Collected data
⟨

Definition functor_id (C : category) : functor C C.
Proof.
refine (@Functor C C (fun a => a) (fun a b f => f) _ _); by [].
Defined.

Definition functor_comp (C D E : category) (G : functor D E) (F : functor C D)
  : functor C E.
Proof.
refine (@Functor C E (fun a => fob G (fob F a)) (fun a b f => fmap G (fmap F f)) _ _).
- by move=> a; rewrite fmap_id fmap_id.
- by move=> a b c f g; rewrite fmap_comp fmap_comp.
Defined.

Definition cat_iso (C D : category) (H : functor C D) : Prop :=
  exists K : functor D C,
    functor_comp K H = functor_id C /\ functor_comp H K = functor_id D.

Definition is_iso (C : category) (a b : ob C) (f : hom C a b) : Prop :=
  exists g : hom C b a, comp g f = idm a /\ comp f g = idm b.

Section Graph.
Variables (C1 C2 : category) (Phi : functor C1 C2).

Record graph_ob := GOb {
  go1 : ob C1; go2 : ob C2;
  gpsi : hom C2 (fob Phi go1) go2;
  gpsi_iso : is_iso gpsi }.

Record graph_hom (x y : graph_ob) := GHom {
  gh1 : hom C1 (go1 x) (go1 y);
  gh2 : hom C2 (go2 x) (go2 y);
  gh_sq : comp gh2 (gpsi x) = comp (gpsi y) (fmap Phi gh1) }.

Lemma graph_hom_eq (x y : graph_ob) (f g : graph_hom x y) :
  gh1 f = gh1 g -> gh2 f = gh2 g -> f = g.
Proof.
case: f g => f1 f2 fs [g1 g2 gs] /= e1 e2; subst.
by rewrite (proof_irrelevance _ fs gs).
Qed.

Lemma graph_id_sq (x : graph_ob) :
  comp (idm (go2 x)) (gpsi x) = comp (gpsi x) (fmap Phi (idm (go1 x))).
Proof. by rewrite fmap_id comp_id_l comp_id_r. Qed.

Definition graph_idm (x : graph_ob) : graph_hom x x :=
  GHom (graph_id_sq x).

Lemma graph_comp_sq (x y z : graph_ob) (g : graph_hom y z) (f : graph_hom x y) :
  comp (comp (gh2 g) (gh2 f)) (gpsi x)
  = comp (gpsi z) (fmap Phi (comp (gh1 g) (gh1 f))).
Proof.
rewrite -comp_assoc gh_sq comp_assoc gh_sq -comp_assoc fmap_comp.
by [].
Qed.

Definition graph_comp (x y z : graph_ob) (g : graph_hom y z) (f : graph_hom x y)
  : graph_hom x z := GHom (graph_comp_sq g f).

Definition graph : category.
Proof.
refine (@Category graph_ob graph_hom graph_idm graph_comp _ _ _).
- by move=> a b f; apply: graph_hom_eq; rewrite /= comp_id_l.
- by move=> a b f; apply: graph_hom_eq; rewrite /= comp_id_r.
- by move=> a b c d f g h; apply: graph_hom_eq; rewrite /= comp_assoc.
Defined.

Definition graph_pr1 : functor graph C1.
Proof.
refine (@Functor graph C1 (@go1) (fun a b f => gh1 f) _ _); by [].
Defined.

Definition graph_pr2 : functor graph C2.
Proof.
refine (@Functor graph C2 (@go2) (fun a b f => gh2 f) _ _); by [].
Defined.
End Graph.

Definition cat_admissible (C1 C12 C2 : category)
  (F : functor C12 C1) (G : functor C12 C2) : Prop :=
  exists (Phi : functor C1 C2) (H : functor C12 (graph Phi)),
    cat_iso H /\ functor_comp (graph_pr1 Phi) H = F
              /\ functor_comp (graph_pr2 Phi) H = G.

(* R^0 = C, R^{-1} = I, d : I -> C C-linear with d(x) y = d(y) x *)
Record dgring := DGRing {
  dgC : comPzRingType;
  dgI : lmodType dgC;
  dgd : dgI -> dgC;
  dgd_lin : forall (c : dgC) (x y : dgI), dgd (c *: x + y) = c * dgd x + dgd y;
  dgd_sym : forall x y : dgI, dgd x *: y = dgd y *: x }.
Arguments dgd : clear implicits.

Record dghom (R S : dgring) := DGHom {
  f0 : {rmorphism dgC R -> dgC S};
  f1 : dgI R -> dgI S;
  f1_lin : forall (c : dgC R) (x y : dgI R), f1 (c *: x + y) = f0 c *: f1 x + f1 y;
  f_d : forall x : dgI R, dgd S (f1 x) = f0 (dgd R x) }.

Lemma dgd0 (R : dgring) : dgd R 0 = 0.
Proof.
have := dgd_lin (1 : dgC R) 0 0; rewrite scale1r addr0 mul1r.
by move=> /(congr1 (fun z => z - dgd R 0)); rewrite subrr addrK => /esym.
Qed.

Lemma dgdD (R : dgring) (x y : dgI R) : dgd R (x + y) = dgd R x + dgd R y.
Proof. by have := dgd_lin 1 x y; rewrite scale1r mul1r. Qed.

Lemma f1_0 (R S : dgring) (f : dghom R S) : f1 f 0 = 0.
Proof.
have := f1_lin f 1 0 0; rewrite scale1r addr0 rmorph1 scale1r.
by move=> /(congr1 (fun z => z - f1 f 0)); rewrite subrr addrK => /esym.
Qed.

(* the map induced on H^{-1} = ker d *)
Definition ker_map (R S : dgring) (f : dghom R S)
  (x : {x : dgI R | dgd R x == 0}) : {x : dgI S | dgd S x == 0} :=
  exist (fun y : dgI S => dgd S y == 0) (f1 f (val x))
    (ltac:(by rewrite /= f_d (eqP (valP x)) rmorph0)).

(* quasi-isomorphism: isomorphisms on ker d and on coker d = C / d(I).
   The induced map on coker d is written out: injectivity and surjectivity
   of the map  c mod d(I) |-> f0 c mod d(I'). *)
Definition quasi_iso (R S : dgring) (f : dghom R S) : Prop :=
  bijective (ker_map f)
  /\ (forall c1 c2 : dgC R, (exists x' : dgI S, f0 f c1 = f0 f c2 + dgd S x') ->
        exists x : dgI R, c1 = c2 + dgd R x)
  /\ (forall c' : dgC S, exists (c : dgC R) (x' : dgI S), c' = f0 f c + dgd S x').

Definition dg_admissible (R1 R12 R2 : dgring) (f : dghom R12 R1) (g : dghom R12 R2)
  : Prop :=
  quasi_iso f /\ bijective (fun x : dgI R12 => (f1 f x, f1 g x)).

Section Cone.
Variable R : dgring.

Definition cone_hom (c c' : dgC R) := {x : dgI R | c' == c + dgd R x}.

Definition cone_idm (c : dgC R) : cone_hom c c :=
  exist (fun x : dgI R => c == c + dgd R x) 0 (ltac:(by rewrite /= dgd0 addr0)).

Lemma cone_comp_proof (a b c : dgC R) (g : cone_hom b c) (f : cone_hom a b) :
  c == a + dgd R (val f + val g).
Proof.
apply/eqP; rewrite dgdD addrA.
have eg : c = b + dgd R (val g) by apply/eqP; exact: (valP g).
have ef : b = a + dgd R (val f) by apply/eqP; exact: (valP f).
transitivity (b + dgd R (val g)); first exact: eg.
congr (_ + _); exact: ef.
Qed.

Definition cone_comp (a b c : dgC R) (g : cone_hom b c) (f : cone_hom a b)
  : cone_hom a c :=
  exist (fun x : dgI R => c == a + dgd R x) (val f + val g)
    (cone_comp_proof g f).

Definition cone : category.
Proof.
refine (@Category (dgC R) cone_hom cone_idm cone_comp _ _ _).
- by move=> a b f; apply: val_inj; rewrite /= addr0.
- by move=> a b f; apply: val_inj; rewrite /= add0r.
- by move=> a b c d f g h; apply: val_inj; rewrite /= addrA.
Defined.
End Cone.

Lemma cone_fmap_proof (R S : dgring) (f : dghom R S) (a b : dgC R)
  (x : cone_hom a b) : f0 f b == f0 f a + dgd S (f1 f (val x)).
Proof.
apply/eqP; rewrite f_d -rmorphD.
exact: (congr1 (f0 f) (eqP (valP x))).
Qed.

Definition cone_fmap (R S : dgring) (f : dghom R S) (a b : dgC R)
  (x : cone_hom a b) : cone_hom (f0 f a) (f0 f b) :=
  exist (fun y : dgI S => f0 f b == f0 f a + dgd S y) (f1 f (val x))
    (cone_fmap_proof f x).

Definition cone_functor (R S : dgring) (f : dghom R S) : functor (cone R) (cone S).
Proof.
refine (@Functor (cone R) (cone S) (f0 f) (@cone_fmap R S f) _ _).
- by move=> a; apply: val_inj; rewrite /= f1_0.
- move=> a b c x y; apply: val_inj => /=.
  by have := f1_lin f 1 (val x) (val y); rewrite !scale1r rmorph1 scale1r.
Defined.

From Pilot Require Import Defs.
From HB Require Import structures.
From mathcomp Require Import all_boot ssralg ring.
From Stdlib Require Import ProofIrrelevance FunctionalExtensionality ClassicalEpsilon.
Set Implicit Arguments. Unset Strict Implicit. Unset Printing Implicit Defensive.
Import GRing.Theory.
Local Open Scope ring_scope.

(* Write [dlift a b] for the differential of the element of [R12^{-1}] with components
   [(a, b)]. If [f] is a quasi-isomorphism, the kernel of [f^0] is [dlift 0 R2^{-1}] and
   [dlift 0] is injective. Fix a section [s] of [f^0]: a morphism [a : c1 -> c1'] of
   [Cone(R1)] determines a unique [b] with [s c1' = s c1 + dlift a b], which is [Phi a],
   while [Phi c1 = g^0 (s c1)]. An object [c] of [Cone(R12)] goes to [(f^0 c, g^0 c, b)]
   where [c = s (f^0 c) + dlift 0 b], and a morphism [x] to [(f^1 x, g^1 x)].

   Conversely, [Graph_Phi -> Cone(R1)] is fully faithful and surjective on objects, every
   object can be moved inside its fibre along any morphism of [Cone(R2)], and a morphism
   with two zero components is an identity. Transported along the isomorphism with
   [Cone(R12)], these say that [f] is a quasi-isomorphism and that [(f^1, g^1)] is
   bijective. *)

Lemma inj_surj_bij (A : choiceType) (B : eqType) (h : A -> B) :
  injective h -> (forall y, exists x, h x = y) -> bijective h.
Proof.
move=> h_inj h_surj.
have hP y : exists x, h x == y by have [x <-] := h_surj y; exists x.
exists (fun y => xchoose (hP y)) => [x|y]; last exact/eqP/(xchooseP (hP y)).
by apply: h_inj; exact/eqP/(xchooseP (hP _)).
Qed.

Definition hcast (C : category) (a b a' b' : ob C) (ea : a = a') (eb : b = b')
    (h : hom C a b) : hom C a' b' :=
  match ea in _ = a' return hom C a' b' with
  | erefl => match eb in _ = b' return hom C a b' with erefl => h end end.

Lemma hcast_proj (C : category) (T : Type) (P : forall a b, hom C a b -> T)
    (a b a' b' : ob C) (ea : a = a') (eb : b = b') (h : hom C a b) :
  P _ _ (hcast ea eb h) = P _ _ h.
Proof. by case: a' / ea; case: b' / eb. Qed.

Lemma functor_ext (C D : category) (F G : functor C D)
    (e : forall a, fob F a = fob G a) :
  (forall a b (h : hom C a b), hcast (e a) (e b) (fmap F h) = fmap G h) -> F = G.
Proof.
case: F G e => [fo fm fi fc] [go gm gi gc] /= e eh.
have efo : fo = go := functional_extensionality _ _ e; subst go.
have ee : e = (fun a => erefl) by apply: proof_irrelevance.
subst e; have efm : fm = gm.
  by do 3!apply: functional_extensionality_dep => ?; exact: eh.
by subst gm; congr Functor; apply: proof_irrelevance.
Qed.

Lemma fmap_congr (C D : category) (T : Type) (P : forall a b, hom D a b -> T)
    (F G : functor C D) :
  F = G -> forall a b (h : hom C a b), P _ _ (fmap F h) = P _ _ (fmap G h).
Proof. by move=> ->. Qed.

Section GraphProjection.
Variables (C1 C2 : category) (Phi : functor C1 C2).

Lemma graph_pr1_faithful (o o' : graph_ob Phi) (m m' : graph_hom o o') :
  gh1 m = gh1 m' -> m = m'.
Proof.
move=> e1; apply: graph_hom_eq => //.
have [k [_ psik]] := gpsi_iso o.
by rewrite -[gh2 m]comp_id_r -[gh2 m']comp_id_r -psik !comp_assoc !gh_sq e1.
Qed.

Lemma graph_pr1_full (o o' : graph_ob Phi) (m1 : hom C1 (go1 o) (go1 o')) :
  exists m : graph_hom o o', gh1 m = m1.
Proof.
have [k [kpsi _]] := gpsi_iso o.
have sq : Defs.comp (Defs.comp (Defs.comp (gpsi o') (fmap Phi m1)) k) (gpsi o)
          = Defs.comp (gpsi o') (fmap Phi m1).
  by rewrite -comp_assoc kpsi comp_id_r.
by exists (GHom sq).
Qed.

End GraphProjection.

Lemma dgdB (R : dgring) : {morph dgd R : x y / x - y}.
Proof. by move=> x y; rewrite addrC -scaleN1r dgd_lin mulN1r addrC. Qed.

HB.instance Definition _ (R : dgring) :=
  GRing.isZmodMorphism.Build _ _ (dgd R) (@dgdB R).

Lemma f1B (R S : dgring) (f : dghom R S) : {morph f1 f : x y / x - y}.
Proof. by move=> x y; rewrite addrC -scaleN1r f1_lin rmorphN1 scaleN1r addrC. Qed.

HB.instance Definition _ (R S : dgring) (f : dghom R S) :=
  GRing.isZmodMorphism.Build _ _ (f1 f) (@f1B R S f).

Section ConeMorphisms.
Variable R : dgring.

⟩
⟨

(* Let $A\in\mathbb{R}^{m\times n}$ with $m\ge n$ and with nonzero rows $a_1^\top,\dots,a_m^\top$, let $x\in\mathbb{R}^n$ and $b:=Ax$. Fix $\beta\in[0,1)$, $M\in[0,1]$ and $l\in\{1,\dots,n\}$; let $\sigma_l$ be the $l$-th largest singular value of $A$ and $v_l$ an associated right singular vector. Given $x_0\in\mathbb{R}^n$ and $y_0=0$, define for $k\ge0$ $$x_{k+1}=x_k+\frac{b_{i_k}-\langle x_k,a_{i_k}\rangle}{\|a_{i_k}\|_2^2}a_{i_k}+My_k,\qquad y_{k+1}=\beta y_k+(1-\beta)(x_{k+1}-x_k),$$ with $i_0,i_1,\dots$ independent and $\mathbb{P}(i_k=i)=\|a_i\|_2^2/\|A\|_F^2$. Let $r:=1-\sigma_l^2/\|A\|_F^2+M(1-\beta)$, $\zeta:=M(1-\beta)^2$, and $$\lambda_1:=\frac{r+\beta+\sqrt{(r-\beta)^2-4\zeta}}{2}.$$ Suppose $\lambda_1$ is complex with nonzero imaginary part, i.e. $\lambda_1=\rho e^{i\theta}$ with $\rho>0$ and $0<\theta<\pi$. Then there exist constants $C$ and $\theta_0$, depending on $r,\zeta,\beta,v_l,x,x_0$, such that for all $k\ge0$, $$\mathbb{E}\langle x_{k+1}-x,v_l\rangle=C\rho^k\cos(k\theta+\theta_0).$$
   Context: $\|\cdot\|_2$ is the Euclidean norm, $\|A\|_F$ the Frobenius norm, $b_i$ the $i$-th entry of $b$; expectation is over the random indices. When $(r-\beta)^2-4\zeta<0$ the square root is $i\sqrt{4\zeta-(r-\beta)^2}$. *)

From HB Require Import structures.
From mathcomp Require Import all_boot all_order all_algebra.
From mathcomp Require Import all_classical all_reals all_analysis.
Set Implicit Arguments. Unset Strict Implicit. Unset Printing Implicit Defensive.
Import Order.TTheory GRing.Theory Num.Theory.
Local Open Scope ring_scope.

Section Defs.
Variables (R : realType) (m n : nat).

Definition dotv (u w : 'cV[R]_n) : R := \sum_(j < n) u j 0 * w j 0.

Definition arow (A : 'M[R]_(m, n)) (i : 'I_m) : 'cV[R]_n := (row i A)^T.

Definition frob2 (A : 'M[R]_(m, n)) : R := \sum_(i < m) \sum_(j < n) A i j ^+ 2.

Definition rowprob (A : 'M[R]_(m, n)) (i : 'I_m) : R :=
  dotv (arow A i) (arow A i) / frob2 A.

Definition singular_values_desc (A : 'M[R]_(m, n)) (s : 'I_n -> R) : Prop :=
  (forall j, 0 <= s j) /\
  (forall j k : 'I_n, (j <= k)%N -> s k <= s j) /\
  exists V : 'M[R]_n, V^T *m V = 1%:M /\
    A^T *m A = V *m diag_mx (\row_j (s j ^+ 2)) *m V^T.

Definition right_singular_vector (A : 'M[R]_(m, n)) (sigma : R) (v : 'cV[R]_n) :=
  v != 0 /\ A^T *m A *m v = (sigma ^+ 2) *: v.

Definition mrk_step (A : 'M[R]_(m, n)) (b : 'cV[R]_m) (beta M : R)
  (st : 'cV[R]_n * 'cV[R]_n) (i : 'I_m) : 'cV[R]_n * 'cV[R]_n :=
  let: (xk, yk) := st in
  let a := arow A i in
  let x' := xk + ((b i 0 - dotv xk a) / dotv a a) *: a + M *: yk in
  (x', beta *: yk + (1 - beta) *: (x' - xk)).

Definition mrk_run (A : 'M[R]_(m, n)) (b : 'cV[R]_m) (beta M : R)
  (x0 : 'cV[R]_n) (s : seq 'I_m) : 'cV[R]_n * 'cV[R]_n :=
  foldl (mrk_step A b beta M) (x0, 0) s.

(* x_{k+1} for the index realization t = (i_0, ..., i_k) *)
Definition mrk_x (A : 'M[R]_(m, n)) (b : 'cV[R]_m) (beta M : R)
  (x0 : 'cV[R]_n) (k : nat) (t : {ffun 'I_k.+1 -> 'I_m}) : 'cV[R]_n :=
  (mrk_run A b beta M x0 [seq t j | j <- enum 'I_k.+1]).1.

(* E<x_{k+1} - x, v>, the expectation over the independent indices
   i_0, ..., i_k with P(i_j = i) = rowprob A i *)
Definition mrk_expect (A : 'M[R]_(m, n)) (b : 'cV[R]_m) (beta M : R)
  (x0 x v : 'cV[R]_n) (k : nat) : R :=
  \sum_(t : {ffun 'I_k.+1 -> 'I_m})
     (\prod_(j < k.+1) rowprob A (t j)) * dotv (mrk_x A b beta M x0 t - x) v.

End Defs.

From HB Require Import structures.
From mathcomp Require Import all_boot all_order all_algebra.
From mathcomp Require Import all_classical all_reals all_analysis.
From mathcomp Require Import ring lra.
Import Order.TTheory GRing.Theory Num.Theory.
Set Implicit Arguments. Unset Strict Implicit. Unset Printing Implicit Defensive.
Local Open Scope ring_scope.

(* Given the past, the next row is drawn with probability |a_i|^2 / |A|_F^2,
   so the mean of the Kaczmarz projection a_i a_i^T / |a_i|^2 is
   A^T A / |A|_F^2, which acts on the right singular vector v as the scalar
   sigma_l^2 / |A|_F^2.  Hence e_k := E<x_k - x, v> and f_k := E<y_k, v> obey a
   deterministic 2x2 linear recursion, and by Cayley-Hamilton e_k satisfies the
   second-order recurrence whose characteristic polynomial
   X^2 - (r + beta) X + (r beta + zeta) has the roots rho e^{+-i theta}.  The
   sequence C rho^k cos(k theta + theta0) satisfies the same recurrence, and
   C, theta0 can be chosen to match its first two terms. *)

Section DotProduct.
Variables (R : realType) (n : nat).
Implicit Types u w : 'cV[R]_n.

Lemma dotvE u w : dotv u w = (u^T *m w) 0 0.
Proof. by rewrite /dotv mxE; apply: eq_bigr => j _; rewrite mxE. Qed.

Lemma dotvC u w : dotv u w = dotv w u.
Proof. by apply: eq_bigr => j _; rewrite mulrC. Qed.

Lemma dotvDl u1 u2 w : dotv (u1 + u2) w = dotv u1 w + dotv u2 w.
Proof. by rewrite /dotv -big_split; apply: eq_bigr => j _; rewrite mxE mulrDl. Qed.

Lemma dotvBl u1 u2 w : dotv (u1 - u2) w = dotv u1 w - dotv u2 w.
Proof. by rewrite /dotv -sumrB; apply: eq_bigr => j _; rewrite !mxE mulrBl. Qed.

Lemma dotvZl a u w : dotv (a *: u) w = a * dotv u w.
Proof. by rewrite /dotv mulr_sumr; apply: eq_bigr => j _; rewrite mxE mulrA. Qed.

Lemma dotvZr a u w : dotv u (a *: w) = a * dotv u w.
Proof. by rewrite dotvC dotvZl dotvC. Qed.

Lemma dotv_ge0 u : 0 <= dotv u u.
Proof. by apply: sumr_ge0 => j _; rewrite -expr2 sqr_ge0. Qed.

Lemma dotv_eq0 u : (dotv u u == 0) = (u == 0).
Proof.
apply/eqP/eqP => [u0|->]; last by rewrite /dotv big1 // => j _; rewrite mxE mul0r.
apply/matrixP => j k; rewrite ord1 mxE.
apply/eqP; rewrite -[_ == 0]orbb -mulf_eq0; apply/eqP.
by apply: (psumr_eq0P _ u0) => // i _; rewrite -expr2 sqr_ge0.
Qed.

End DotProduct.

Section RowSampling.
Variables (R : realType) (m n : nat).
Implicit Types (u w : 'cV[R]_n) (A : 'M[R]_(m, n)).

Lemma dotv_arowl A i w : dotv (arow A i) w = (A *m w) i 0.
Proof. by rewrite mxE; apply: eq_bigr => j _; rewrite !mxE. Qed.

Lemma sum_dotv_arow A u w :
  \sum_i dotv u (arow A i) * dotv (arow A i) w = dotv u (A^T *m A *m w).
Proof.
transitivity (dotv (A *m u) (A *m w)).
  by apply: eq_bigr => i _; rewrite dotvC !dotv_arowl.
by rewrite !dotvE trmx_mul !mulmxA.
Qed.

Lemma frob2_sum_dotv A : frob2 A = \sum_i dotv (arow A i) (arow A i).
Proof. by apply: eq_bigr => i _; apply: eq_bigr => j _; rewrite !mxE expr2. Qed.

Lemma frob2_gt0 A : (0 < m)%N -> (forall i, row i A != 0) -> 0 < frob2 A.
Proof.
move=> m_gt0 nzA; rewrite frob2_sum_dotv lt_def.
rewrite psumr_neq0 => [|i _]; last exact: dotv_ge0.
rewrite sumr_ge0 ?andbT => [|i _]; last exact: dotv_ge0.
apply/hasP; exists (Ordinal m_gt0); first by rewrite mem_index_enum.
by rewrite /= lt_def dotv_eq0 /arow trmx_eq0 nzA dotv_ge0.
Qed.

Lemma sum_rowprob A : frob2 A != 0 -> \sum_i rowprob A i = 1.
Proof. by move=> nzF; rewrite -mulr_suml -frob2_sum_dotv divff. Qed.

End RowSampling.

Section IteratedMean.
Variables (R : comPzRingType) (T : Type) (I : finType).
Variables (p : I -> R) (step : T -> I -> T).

⟩

Write down exactly the span of lines above from the one containing "(cone_fmap_proof f x)." to the one containing "From Pilot Require Import Defs.", both ends included.

    (cone_fmap_proof f x).

Definition cone_functor (R S : dgring) (f : dghom R S) : functor (cone R) (cone S).
Proof.
refine (@Functor (cone R) (cone S) (f0 f) (@cone_fmap R S f) _ _).
- by move=> a; apply: val_inj; rewrite /= f1_0.
- move=> a b c x y; apply: val_inj => /=.
  by have := f1_lin f 1 (val x) (val y); rewrite !scale1r rmorph1 scale1r.
Defined.

From Pilot Require Import Defs.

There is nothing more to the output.